Every young person deserves the support that Kevin received from Barrios Unidos to turn his life around. Help us ensure that EVERY young person has that same opportunity.

Posted by: JuliaSM | July 8, 2010 1:49 PM | Report abuse

I watched Kevin's speech and was moved by his passion for helping save the lives of our at-risk youth population. The Youth PROMISE act sounds like a good investment in our future, and something that would provide immediate payback. How do we get the Senate moving on this?

Posted by: tnunnser | July 8, 2010 2:41 PM | Report abuse

@tnunnser : elect more and better democrats and change the unanimous consent rule so the repubs can't simply stall their way through the sessions.

Posted by: srw3 | July 8, 2010 2:50 PM | Report abuse

--"[T]he best the Heritage Foundation could offer was a bit of hand-wringing verging on self-parody about how the act goes against the spirit of federalism."--

Yeah, that quaint old Constitution, again.

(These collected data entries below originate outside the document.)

(* For every $f\in F$, $\ell(x_0f)=\ell(f)\pm1$. More precisely, $\ell(x_0f)=\ell(f)+1$ if at least one of the following holds, and $\ell(x_0f)=\ell(f)-1$ otherwise: (1) the reduced forest diagram of $x_0f$ has larger support than that of $f$; (2) the right space of $f$ has bottom label $L$, and left-multiplication by $x_0$ does not remove this space from the support; (3) the right space of $f$ has label pair $(R,I)$.
   Context: Thompson's group $F$ is realized as the group of all orientation-preserving piecewise-linear homeomorphisms $f$ of $\mathbb R$ with finitely many breakpoints, all breakpoints having dyadic rational coordinates, all slopes integral powers of $2$, and with $f(t)=t-m$ for all sufficiently negative $t$ and $f(t)=t-n$ for all sufficiently positive $t$, for some integers $m,n$. Products are compositions of functions: $fg=f\circ g$. The generators are $x_0(t)=t-1$ and $x_1(t)=t$ for $t\le 0$, $x_1(t)=t/2$ for $0\le t\le 2$, $x_1(t)=t-1$ for $t\ge 2$. A forest diagram for $x_0f$ is obtained from one for $f$ by moving the top pointer one tree to the right. Forest diagrams: a binary forest is a sequence $(T_i)_{i\in\mathbb Z}$ of finite rooted binary trees (every node has $0$ or $2$ children; internal nodes are called carets; a trivial tree is a single leaf), all but finitely many trivial, together with a pointer marking $T_0$. Tree $T_i$ represents the interval $[i,i+1]$, each caret represents halving the interval of its node, and the leaves of the forest give a dyadic subdivision of $\mathbb R$. A forest diagram for $f$ is a pair of binary forests, the bottom (domain) forest with subdivision $\mathcal D$ and the top (range) forest with subdivision $\mathcal R$, such that $f$ maps each interval of $\mathcal D$ linearly onto an interval of $\mathcal R$; this matches the leaves of the two forests by an order-preserving bijection, so the two forests share one linearly ordered set of leaves (columns). A reduction deletes an opposing pair of carets, i.e. a top caret and a bottom caret both of whose children are leaves and which have the same two (matched) leaves. A forest diagram is reduced if no reduction is possible; every element of $F$ has a unique reduced forest diagram. The support of a forest diagram is the smallest set of consecutive columns containing all leaves of nontrivial trees of either forest and the leaves of the two trees marked by the two pointers. A space is a gap between two consecutive columns; the spaces in the support are the gaps between consecutive columns of the support. The current tree of $f$ is the tree of the top forest (of the reduced diagram) marked by the top pointer; the right (resp. left) space of $f$ is the space immediately to the right (resp. left) of the current tree. Labels: in each of the two forests separately (using that forest's own pointer), a space is interior if the leaves on both sides of it belong to the same tree and exterior otherwise; it lies immediately to the left of a caret $c$ of that forest if the leaf immediately to its right is the leftmost leaf descending from $c$. Each space of the support receives a label in each forest: $L$ if it is exterior and to the left of the tree marked by the pointer; otherwise $N$ if it lies immediately to the left of some caret; otherwise $R$ if it is exterior (hence to the right of the marked tree); otherwise $I$ (interior). A space thus has a label pair (top label, bottom label); spaces outside the support are unlabeled. Weights, by (top, bottom): $(L,L)=2$, $(L,N)=1$, $(L,R)=1$, $(L,I)=1$; $(N,L)=1$, $(N,N)=2$, $(N,R)=2$, $(N,I)=2$; $(R,L)=1$, $(R,N)=2$, $(R,R)=2$, $(R,I)=0$; $(I,L)=1$, $(I,N)=2$, $(I,R)=0$, $(I,I)=0$. For $f\in F$, $\ell(f)=\ell_0(f)+\ell_1(f)$, where $\ell_0(f)$ is the sum of the weights of the spaces in the support of the reduced forest diagram of $f$ and $\ell_1(f)$ is its total number of carets; $\ell(f)$ equals the word length of $f$ with respect to $\{x_0,x_1\}$. *)

From mathcomp Require Import all_boot all_order all_algebra.
From mathcomp Require Import boolp classical_sets fsbigop.
From mathcomp Require Import zify.
Set Implicit Arguments. Unset Strict Implicit. Unset Printing Implicit Defensive.
Import Order.TTheory GRing.Theory Num.Theory.
(* Consider the private information delivery (PID) problem with $K$ messages, $N$ servers and $M$ messages stored per server, where $1\le M\le K$, $K/M\notin\mathbb{Z}$, and $$\lceil K/M \rceil < N < \frac{K}{\gcd(K,M)} - \left(\frac{M}{\gcd(K,M)}-1\right)\left(\lfloor K/M \rfloor - 1\right).$$ Then the capacity satisfies $$C \geq \frac{l}{N + (l-1)(\lfloor K/M \rfloor - 1)},\qquad\text{where } l = \left\lfloor \frac{(N - \lfloor K/M \rfloor + 1)M}{K - (\lfloor K/M \rfloor - 1) M} \right\rfloor.$$
   Context: The PID problem with parameters $(K,N,M)$: There are $K$ independent messages $W_1,\dots,W_K$, each consisting of $L$ i.i.d. uniform symbols from a finite field $\mathbb{F}_p$, so that (in $p$-ary units) $H(W_k)=L$ for all $k$ and $H(W_1,\dots,W_K)=\sum_k H(W_k)$. There are $N$ servers; server $n$ stores $S_n=\{W_k : k\in\mathcal{S}_n\}$ for some $\mathcal{S}_n\subset\{1,\dots,K\}$ with $|\mathcal{S}_n|=M$ (a design choice). The servers share a common random variable $Z$ independent of the messages. For each $k\in\{1,\dots,K\}$, server $n$ sends an answer $A_n^{[k]}$ that is a deterministic function of $(S_n,Z)$ and consists of $D_n$ symbols of $\mathbb{F}_p$ ($D_n$ independent of $k$). Correctness: $H(W_k\mid A_1^{[k]},\dots,A_N^{[k]})=0$ for all $k$. Privacy: for all $k$, $(A_1^{[1]},\dots,A_N^{[1]},W_1)$ and $(A_1^{[k]},\dots,A_N^{[k]},W_k)$ are identically distributed. The rate is $R=L/\sum_n D_n$; a rate is achievable if some scheme (choice of $L$, $p$, storage sets, $Z$, answer functions) satisfying these constraints has rate at least $R$; the capacity $C$ is the supremum of achievable rates over all storage designs and schemes. *)

From HB Require Import structures.
From mathcomp Require Import all_boot all_order all_algebra.
From mathcomp Require Import reals ereal classical_sets.
Set Implicit Arguments. Unset Strict Implicit. Unset Printing Implicit Defensive.
Import Order.TTheory GRing.Theory Num.Theory.
Local Open Scope ring_scope.

Definition msgs (K L p : nat) := {ffun 'I_K -> 'rV['F_p]_L}.

Definition prob (R : realType) (K L p : nat) (Zt : finType) (pZ : Zt -> R)
  (E : msgs K L p -> Zt -> bool) : R :=
  \sum_(w : msgs K L p) \sum_(z : Zt)
     (#|{: msgs K L p}|%:R)^-1 * pZ z * (E w z)%:R.

(* A PID scheme for parameters (K,N,M) with message length L over F_p,
   storage sets S, common randomness Z on Zt with pmf pZ, answer lengths D,
   and answers A k n w z : 'rV_(D n) (answer of server n when W_k is desired). *)
Definition PID_scheme (R : realType) (K N M L p : nat) (Zt : finType)
  (pZ : Zt -> R) (S : 'I_N -> {set 'I_K}) (D : 'I_N -> nat)
  (A : forall (k : 'I_K) (n : 'I_N), msgs K L p -> Zt -> 'rV['F_p]_(D n)) : Prop :=
  prime p /\
      (forall n, #|S n| = M) /\
      ((forall z, 0 <= pZ z) /\ \sum_(z : Zt) pZ z = 1) /\
      (forall k n (w w' : msgs K L p) z,
          (forall i, i \in S n -> w i = w' i) -> A k n w z = A k n w' z) /\
      (* correctness: H(W_k | A_1^[k],...,A_N^[k]) = 0, i.e. on the support,
         the answers determine W_k *)
      (forall k (w w' : msgs K L p) z z', 0 < pZ z -> 0 < pZ z' ->
          (forall n, A k n w z = A k n w' z') -> w k = w' k) /\
      (forall (k k' : 'I_K) (a : forall n : 'I_N, 'rV['F_p]_(D n))
              (x : 'rV['F_p]_L),
          prob pZ (fun w z => [forall n, A k n w z == a n] && (w k == x))
        = prob pZ (fun w z => [forall n, A k' n w z == a n] && (w k' == x))).

Definition achievable (R : realType) (K N M : nat) (r : R) : Prop :=
  exists (L p : nat) (Zt : finType) (pZ : Zt -> R) (S : 'I_N -> {set 'I_K})
         (D : 'I_N -> nat)
         (A : forall (k : 'I_K) (n : 'I_N), msgs K L p -> Zt -> 'rV['F_p]_(D n)),
    @PID_scheme R K N M L p Zt pZ S D A /\ r <= L%:R / (\sum_(n < N) D n)%:R.

Definition capacity (R : realType) (K N M : nat) : \bar R :=
  ereal_sup [set (r%:E) | r in [set r : R | achievable K N M r]].

From HB Require Import structures.
From mathcomp Require Import all_boot all_order all_algebra.
From mathcomp Require Import reals ereal classical_sets.
From mathcomp Require Import perm ring zify.
Set Implicit Arguments. Unset Strict Implicit. Unset Printing Implicit Defensive.
Import Order.TTheory GRing.Theory Num.Theory.
Local Open Scope ring_scope.

(* Split each message into l symbols. Server n owns slots (n, 0), ..., (n, l) and
   sends the values of its first D n slots; slot i carries a vector phi_i of F^l, and
   a vector a of slot values decodes to sum_i a_i phi_i. If for every k some l slots,
   owned by servers that store W_k, carry a basis of F^l, then W_k has an encoding
   supported on them. To deliver W_k the servers send
   encode_k W_k + z - encode_k0 (decode z) for a uniform slot vector z: this decodes
   to W_k, each server can compute its own slots, and demanding W_k' instead amounts
   to swapping W_k with W_k' and translating z by encode_k W_k - encode_k' W_k, which
   preserves all distributions; this is privacy.
   With Q = floor(K/M) - 1, the first Q servers store disjoint blocks of M messages
   and carry the unit vectors in l slots each; the other N - Q servers store the
   remaining K - QM messages cyclically, M at a time, and carry one Vandermonde vector
   each. Each remaining message is then stored by l cyclic servers with distinct
   evaluation points as long as l (K - QM) <= (N - Q) M, and the total download is
   Q l + N - Q symbols. *)

Lemma sum_ord_ltn_if (N Q a b : nat) : (Q <= N)%N ->
  (\sum_(n < N) (if (n < Q)%N then a else b) = Q * a + (N - Q) * b)%N.
Proof.
move=> QN; rewrite -(big_mkord xpredT (fun n => if (n < Q)%N then a else b)).
rewrite (big_cat_nat (leq0n Q) QN) /=.
rewrite (@eq_big_nat _ _ _ 0 Q _ (fun=> a)) => [|i /andP[_ ->]] //.
rewrite (@eq_big_nat _ _ _ Q N _ (fun=> b)) => [|i /andP[]].
  by rewrite !sum_nat_const_nat subn0.
by rewrite leqNgt => /negbTE ->.
Qed.

Lemma natr_Fp_inj p i j : prime p -> (i < p)%N -> (j < p)%N ->
  (i%:R : 'F_p) = j%:R -> i = j.
Proof.
move=> p_prime i_lt_p j_lt_p /(congr1 (@nat_of_ord _)).
by rewrite !val_Fp_nat // !modn_small.
Qed.
Lemma coatom_le x y : coatom le x -> le x y -> top le y \/ y = x.
Proof. intros [_ H] Hxy; exact (H y Hxy). Qed.

Lemma coatom_le_eq x y : coatom le x -> coatom le y -> le x y -> x = y.
Proof.
  intros Hx Hy Hxy. destruct (coatom_le Hx Hxy) as [Ht | E].
  - exfalso; exact (coatom_not_top Hy Ht).
  - symmetry; exact E.
Qed.

Lemma coatom_not_below m c : ~ top le m -> ~ coatom le m -> coatom le c -> ~ le c m.
Proof.
  intros Hnt Hnc Hc Hcm. destruct (coatom_le Hc Hcm) as [Ht | ->].
  - exact (Hnt Ht).
  - exact (Hnc Hc).
Qed.

Hypothesis le_transitive : forall a b c, le a b -> le b c -> le a c.
Hypothesis le_antisymmetric : forall a b, le a b -> le b a -> a = b.

Lemma below_chain_not_top_coatom c0 c1 c2 m :
  lt (dual le) c0 c1 -> lt (dual le) c1 c2 -> le m c2 -> ~ top le m /\ ~ coatom le m.
Proof.
  intros [H01 N01] [H12 N12] Hm. split.
  - intros Ht. apply N12, le_antisymmetric; [exact (le_transitive (Ht c1) Hm) | exact H12].
  - intros Hc. destruct (coatom_le Hc (le_transitive Hm H12)) as [Ht | E].
    + apply N01, le_antisymmetric; [exact (Ht c0) | exact H01].
    + apply N12, le_antisymmetric; [rewrite E; exact Hm | exact H12].
Qed.

Hypothesis le_atomistic : atomistic le.

Lemma atom_below_not_le e m : ~ le e m -> exists q, atom le q /\ le q e /\ ~ le q m.
Proof.
  intros Hem. apply NNPP; intros Hn. apply Hem.
  destruct (le_atomistic e) as [_ V]. apply V. intros q [Hq Hqe].
  apply NNPP; intros Hqm. apply Hn. exists q; auto.
Qed.

Hypothesis le_meet : forall a b, exists m, is_lub (dual le) (pair_set a b) m.
Hypothesis dual_covering : covering_property (dual le).

Lemma meet_coatom_covered p a j :
  coatom le p -> ~ le a p -> is_lub (dual le) (pair_set a p) j -> covers le j a.
Proof.
  intros Hp Hap Hj. destruct (dual_covering Hp Hap Hj) as [[Hja Hne] C].
  split; [split; [exact Hja | intros E; exact (Hne (eq_sym E))] |].
  intros c Hjc Hca. destruct (C c Hca Hjc) as [E | E]; [right | left]; exact E.
Qed.

Lemma meet_coatoms_covered x y m w :
  coatom le x -> coatom le y -> x <> y -> is_lub (dual le) (pair_set x y) m ->
  coatom le w -> le m w -> covers le m w.
Proof.
  intros Hx Hy Hxy Hm Hw Hmw.
  assert (Cx := meet_coatom_covered Hy (fun H => Hxy (coatom_le_eq Hx Hy H)) Hm).
  destruct (classic (w = x)) as [-> | Hwx]; [exact Cx |].
  destruct (le_meet w x) as [j Hj].
  assert (Cj := meet_coatom_covered Hx (fun H => Hwx (coatom_le_eq Hw Hx H)) Hj).
  destruct Cx as [_ Cx].
  destruct (Cx j (is_lub_pair_least Hj Hmw (is_lub_pair_l Hm)) (is_lub_pair_r Hj))
    as [<- | ->]; [exact Cj |].
  exfalso; apply Hwx; symmetry; exact (coatom_le_eq Hx Hw (is_lub_pair_l Hj)).
Qed.

Lemma coatoms_above_meet_eq x y m c w q :
  coatom le x -> coatom le y -> x <> y -> is_lub (dual le) (pair_set x y) m ->
  coatom le c -> coatom le w -> le m c -> le m w ->
  le q c -> le q w -> ~ le q m -> c = w.
Proof.
  intros Hx Hy Hxy Hm Hc Hw Hmc Hmw Hqc Hqw Hqm.
  destruct (meet_coatoms_covered Hx Hy Hxy Hm Hw Hmw) as [_ Cw].
  destruct (le_meet c w) as [u Hu].
  destruct (Cw u (is_lub_pair_least Hu Hmc Hmw) (is_lub_pair_r Hu)) as [-> | ->].
  - exfalso; exact (Hqm (is_lub_pair_least Hu Hqc Hqw)).
  - symmetry; exact (coatom_le_eq Hw Hc (is_lub_pair_l Hu)).
Qed.

End Coatoms.

Section LengthTwoArrow.
Variables (T1 T2 : Type) (le1 : T1 -> T1 -> Prop) (le2 : T2 -> T2 -> Prop) (f : T1 -> T2).
Hypothesis le1_refl : forall a, le1 a a.
Hypothesis f_lub : forall S s, is_lub le1 S s -> is_lub (dual le2) (image f S) (f s).

Lemma f_antitone a b : le1 a b -> le2 (f b) (f a).
Proof.
  intros Hab. assert (Hb : is_lub le1 (pair_set a b) b).
  { split; [intros x [-> | ->]; [exact Hab | apply le1_refl] |].
    intros y Hy; apply Hy; right; reflexivity. }
  destruct (f_lub Hb) as [U _]. apply U. exists a; split; [left |]; reflexivity.
Qed.

Lemma f_glb_of_join a b j y :
  is_lub le1 (pair_set a b) j -> le2 y (f a) -> le2 y (f b) -> le2 y (f j).
Proof.
  intros Hj Ha Hb. destruct (f_lub Hj) as [_ V]. apply V.
  intros x [c [[-> | ->] ->]]; assumption.
Qed.

Lemma f_empty_lub_top b : is_lub le1 (fun _ => False) b -> top le2 (f b).
Proof. intros Hb y. destruct (f_lub Hb) as [_ V]. apply V. intros x [c [[] _]]. Qed.

Hypothesis le1_atomistic : atomistic le1.

Lemma f_le_of_atoms a y : (forall p, atom le1 p -> le1 p a -> le2 y (f p)) -> le2 y (f a).
Proof.
  intros Hy. destruct (f_lub (le1_atomistic a)) as [_ V]. apply V.
  intros x [p [[Hp Hpa] ->]]. exact (Hy p Hp Hpa).
Qed.

Lemma exists_atom_image_not_top a :
  ~ top le2 (f a) -> exists p, atom le1 p /\ le1 p a /\ ~ top le2 (f p).
Proof.
  intros Hnt. apply NNPP; intros Hn. apply Hnt; intros y. apply f_le_of_atoms.
  intros p Hp Hpa. apply NNPP; intros Hy. apply Hn.
  exists p; split; [exact Hp | split; [exact Hpa | intros Ht; exact (Hy (Ht y))]].
Qed.

Hypothesis le2_refl : forall a, le2 a a.
Hypothesis le2_trans : forall a b c, le2 a b -> le2 b c -> le2 a c.
Hypothesis le2_antisym : forall a b, le2 a b -> le2 b a -> a = b.
Hypothesis le1_trans : forall a b c, le1 a b -> le1 b c -> le1 a c.
Hypothesis le1_complete : complete le1.
Hypothesis le1_join : forall a b, exists j, is_lub le1 (pair_set a b) j.
Hypothesis le1_meet : forall a b, exists m, is_lub (dual le1) (pair_set a b) m.
Hypothesis le1_dual_covering : covering_property (dual le1).
Hypothesis le2_atomistic : atomistic le2.
Hypothesis le2_meet : forall a b, exists m, is_lub (dual le2) (pair_set a b) m.
Hypothesis le2_dual_covering : covering_property (dual le2).
Hypothesis f_atom : forall p, atom le1 p -> coatom le2 (f p) \/ top le2 (f p).
Hypothesis f_residual : forall q z,
  atom le2 q -> is_lub le1 (fun a => le2 q (f a)) z -> coatom le1 z \/ top le1 z.
Variable t1 : T1.
Hypothesis t1_top : top le1 t1.
Hypothesis image_length : length_eq (dual le2) (image f (fun _ => True)) 2.

Lemma f_top_le a : le2 (f t1) (f a).
Proof. exact (f_antitone (t1_top a)). Qed.
Lemma P4at_rev W a b c d : symmetric g -> P4at W a b c d -> P4at W d c b a.
Proof.
move=> g_sym /and5P[aW bW cW dW /and5P[uniq_abcd ab bc cd /and3P[nac nbd nad]]].
have uniq_dcba : uniq [:: d; c; b; a] by rewrite -(rev_uniq [:: a; b; c; d]) in uniq_abcd.
by rewrite /P4at aW bW cW dW uniq_dcba (g_sym d c) (g_sym c b) (g_sym b a)
  (g_sym d b) (g_sym c a) (g_sym d a) ab bc cd nac nbd nad.
Qed.

End InducedP4.

Section Complement.
Variables (T : finType) (g : rel T).
Hypothesis g_sym : symmetric g.

Lemma compl_sym : symmetric (compl g).
Proof. by move=> x y; rewrite /compl /= eq_sym g_sym. Qed.

Lemma compl_irr : irreflexive (compl g).
Proof. by move=> x; rewrite /compl /= eqxx. Qed.

Lemma complK : irreflexive g -> compl (compl g) =2 g.
Proof.
move=> g_irr x y; rewrite /compl /=.
by case: eqVneq => [->|_]; rewrite ?g_irr ?negbK.
Qed.

Lemma eq_P4 g' W : g =2 g' -> has_induced_P4 g W = has_induced_P4 g' W.
Proof.
move=> E; apply/P4P/P4P => -[a [b [c [d P]]]]; exists a, b, c, d;
  by move: P; rewrite /P4at !E.
Qed.

Lemma P4at_compl W a b c d : P4at g W a b c d -> P4at (compl g) W b d a c.
Proof.
move=> /and5P[aW bW cW dW /and5P[uniq_abcd ab bc cd /and3P[nac nbd nad]]].
move: uniq_abcd; rewrite /= !inE !negb_or => /and4P[/and3P[a_b a_c a_d] /andP[b_c b_d] c_d _].
rewrite /P4at /= aW bW cW dW !inE /compl /= (g_sym b a) (g_sym d c) (g_sym d a).
rewrite ab bc cd nac nbd nad (eq_sym b a) (eq_sym d a) (eq_sym d c).
by rewrite (negbTE a_b) (negbTE a_c) (negbTE a_d) (negbTE b_c) (negbTE b_d) (negbTE c_d).
Qed.

End Complement.

Lemma P4_compl (T : finType) (g : rel T) W :
  symmetric g -> irreflexive g -> has_induced_P4 (compl g) W = has_induced_P4 g W.
Proof.
have P4_to_compl (h : rel T) : symmetric h -> has_induced_P4 h W -> has_induced_P4 (compl h) W.
  by move=> h_sym /P4P[a [b [c [d P]]]]; apply/P4P; exists b, d, a, c; apply: P4at_compl.
move=> g_sym g_irr; apply/idP/idP; last exact: P4_to_compl.
by move/(P4_to_compl _ (compl_sym g_sym)); rewrite (eq_P4 _ (complK g_irr)).
Qed.

Section Bridge.
Variables (T : finType) (g : rel T).
Hypotheses (g_sym : symmetric g) (g_irr : irreflexive g).
Implicit Types (W : {set T}) (v a c d : T).

Definition bridge (W0 : {set T}) (v a c d : T) : Prop :=
  [/\ a \in W0, c \in W0, d \in W0, ~~ connect (restrict g W0) a c &
      [&& g v a, g v c, g c d & ~~ g v d]].

Lemma bridge_P4 (W0 : {set T}) W v a c d :
  v \notin W0 -> bridge W0 v a c d ->
  [/\ a \in W, v \in W, c \in W & d \in W] -> has_induced_P4 g W.
Proof.
move=> vW0 [aW0 cW0 dW0 nac /and4P[va vc cd nvd]] [aW vW cW dW].
have cdW0 := connect_restrict1 cW0 dW0 cd.
have nac' : ~~ g a c by apply: contra nac; apply: connect_restrict1.
have nad : ~~ g a d.
  apply: contra nac => ad; apply: connect_trans (connect_restrict1 aW0 dW0 ad) _.
  by rewrite (connect_restrict_sym g_sym).
have a_c : a != c by apply: contraNneq nac => ->.
have a_d : a != d by apply: contraNneq nac => ->; rewrite (connect_restrict_sym g_sym).
have c_d : c != d by apply: contraTneq cd => ->; rewrite g_irr.
have [a_v c_v d_v] : [/\ a != v, v != c & v != d].
  by split; [apply: contraNneq vW0 => <- | apply: contraNneq vW0 => -> ..].
apply/P4P; exists a, v, c, d.
rewrite /P4at aW vW cW dW /= !inE !negb_or a_v a_c a_d c_v d_v c_d.
by rewrite (g_sym a) va vc cd nac' nvd nad.
Qed.

End Bridge.

Definition disjoint_split (T : finType) (g : rel T) (v : T) (W1 W2 : {set T}) : Prop :=
  [/\ W1 :|: W2 = setT, W1 :&: W2 = [set v], 1 < #|W1| & 1 < #|W2|] /\
  (cographW g W1 /\ cographW g W2) /\
  (forall x y, x \in W1 :\ v -> y \in W2 :\ v -> ~~ g x y).

Section AtVertex.
Variables (T : finType) (g : rel T) (v : T).
Hypotheses (g_sym : symmetric g) (g_irr : irreflexive g).
Local Notation comp := (component g [set~ v]).
Local Notation comps := (components g [set~ v]).
Implicit Types (W H : {set T}) (x y a c d : T).

Definition component_cographs : Prop :=
  forall H, H \in comps -> cographW g (H :|: [set v]).

Definition gamma_center H0 : Prop :=
  forall H H', H \in comps -> H' \in comps -> H != H' ->
    has_induced_P4 g (H :|: H' :|: [set v]) -> H0 = H \/ H0 = H'.

Lemma notin_components H : H \in comps -> v \notin H.
Proof. by move/components_sub/subsetP=> sH; apply/negP=> /sH; rewrite !inE eqxx. Qed.

Lemma components_edge H x y :
  H \in comps -> x \in H -> y \in [set~ v] -> g x y -> y \in H.
Proof.
move=> HC xH yW0 xy; have xW0 := subsetP (components_sub HC) x xH.
by rewrite (componentsP g_sym HC xH) inE yW0 connect_restrict1.
Qed.

Lemma P4_in_component W a b c d x : P4at g W a b c d -> x \in [set~ v] ->
  (forall y, y \in [:: a; b; c; d] -> (y == v) || connect (restrict g [set~ v]) x y) ->
  has_induced_P4 g (comp x :|: [set v]).
Proof.
move=> P xW0 near; apply/P4P; exists a, b, c, d; apply: P4at_subset P.
have near_in y : y \in [:: a; b; c; d] -> y \in comp x :|: [set v].
  by move/near; rewrite !inE; case: eqVneq => [->|_ /= ->]; rewrite ?eqxx ?orbT.
by split; apply: near_in; rewrite !inE eqxx ?orbT.
Qed.

Lemma P4at_through_v W a c d : P4at g W a v c d ->
  (exists2 x, x \in [set~ v] & has_induced_P4 g (comp x :|: [set v])) \/
  (exists a c d, [/\ a \in W, c \in W, d \in W & bridge g [set~ v] v a c d]).
Proof.
move=> P; have /and5P[aW _ cW dW /and5P[uniq_avcd av vc cd /and3P[_ nvd _]]] := P.
move: uniq_avcd; rewrite /= !inE !negb_or => /and4P[/and3P[a_v _ _] /andP[v_c v_d] _ _].
have [aW0 cW0 dW0] : [/\ a \in [set~ v], c \in [set~ v] & d \in [set~ v]].
  by rewrite !inE a_v ![_ == v]eq_sym v_c v_d.
have cd0 := connect_restrict1 cW0 dW0 cd.
have [ac|nac] := boolP (connect (restrict g [set~ v]) a c).
  left; exists a => //; apply: P4_in_component P aW0 _ => y.
  by rewrite !inE => /or4P[] /eqP->; rewrite ?eqxx ?connect0 ?ac ?(connect_trans ac cd0) ?orbT.
by right; exists a, c, d; split=> //; split; rewrite // -(g_sym a) av vc cd.
Qed.
Lemma helly_critical_card_lt d (S : seq (vec d)) n (U : 'I_n -> set (vec d))
    (G : {set 'I_n}) :
  (forall i, exists P C, S_polytope S P /\ subcomplex P C /\ U i = underlying C) ->
  helly_critical U G -> (#|G| < monotone_bound (size S) 4)%N.
Proof.
move=> complexU critG; rewrite ltnNge; apply/negP => large.
have [x sep] := helly_critical_witness 0 critG.
rewrite cardE in large.
have [s' sub /andP[/eqP size_s' mono]] :=
  exists_monotone_subseq_all (fun a e => dotv a (x e)) large.
have inG e : e \in s' -> e \in G by move/(mem_subseq sub); rewrite mem_enum.
have uniq_s' := subseq_uniq sub (enum_uniq (mem G)).
case: s' size_s' mono inG uniq_s' {sub} => [|i [|j [|l [|m [|]]]]] //= _ mono inG.
rewrite !inE !negb_or => /and4P[/and3P[ij _ _] /andP[jl jm] _ _].
have [iG jG lG mG] : [/\ i \in G, j \in G, l \in G & m \in G].
  by split; apply: inG; rewrite !inE eqxx ?orbT.
have [P [C [SP [complexC eU]]]] := complexU j.
have Uj : U j (x j).
  rewrite eU; apply: (underlying_monotone4 (xi := x i) (xl := x l) (xm := x m) SP complexC).
  - by rewrite -eU; apply: sep; rewrite // eq_sym.
  - by rewrite -eU; apply: sep.
  - by rewrite -eU; apply: sep.
  by move=> a aS; exact: (allP mono a aS).
have : fam_inter U G (x j).
  by move=> f fG; case: (eqVneq f j) => [-> // | fj]; apply: sep.
by rewrite critG.1.
Qed.

Theorem corollary5 :
  forall s d : nat, (1 <= s)%N -> (1 <= d)%N ->
  exists h' : nat,
    forall S : seq (vec d),
      uniq S -> size S = s -> (forall a, a \in S -> a != 0) ->
      forall (n : nat) (U : 'I_n -> set (vec d)),
        (forall i : 'I_n, exists (P : set (vec d)) (C : set (set (vec d))),
            S_polytope S P /\ subcomplex P C /\ U i = underlying C) ->
        (helly_number U <= h')%N.
Proof.
move=> s d _ _; exists (monotone_bound s 4) => S _ size_S _ n U complexU.
rewrite /helly_number; case: ifP => _; last by case: (s) => //= k; rewrite expn_gt0.
apply/bigmax_leqP => G /asboolP critG.
by rewrite -size_S ltnW // (helly_critical_card_lt complexU critG).
Qed.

Harvard boy has no idea what it is he's trading away, and the ruination it will cause untold people. He's on the road to hell, with a fool's grin on his face.

Posted by: msoja | July 8, 2010 3:22 PM | Report abuse

@msoja : I don't believe that keeping kids out of gangs violates the constitution. If it really were unconstitutional, I bet that some enterprising republican would be all over the media letting everyone know about it.

Posted by: srw3 | July 8, 2010 4:13 PM | Report abuse

--"I don't believe that keeping kids out of gangs violates the constitution."--

Well, when you put it like that...

It reveals you don't really have an argument.

From the Heritage link:
YOPS grants are of questionable constitutionality because these grants would fund the routine, day-to-day operations of state and local law enforcement. When Congress subsidizes local law enforcement in this manner, it effectively reassigns to the federal government the powers and responsibilities that fall squarely within the expertise, historical control, and constitutional authority of state and local governments.[ix] The responsibility to combat ordinary crime at the local level belongs wholly, if not exclusively, to state and local governments.
//end cite

But, you know, Harvard boy doesn't care. He's playing with other people's money now, and it makes him feel good about things.

Posted by: msoja | July 8, 2010 4:20 PM | Report abuse

Whether or not the Act is constitutional at the federal level, presumably individual states could decide to pursue their own versions of the Act without waiting for the Senate.

Posted by: tomtildrum | July 8, 2010 6:11 PM | Report abuse

msoja, either Harvard boy doesn't know OR he knows exactly what the most likely (political) effect will be of these "war on poverty" programs.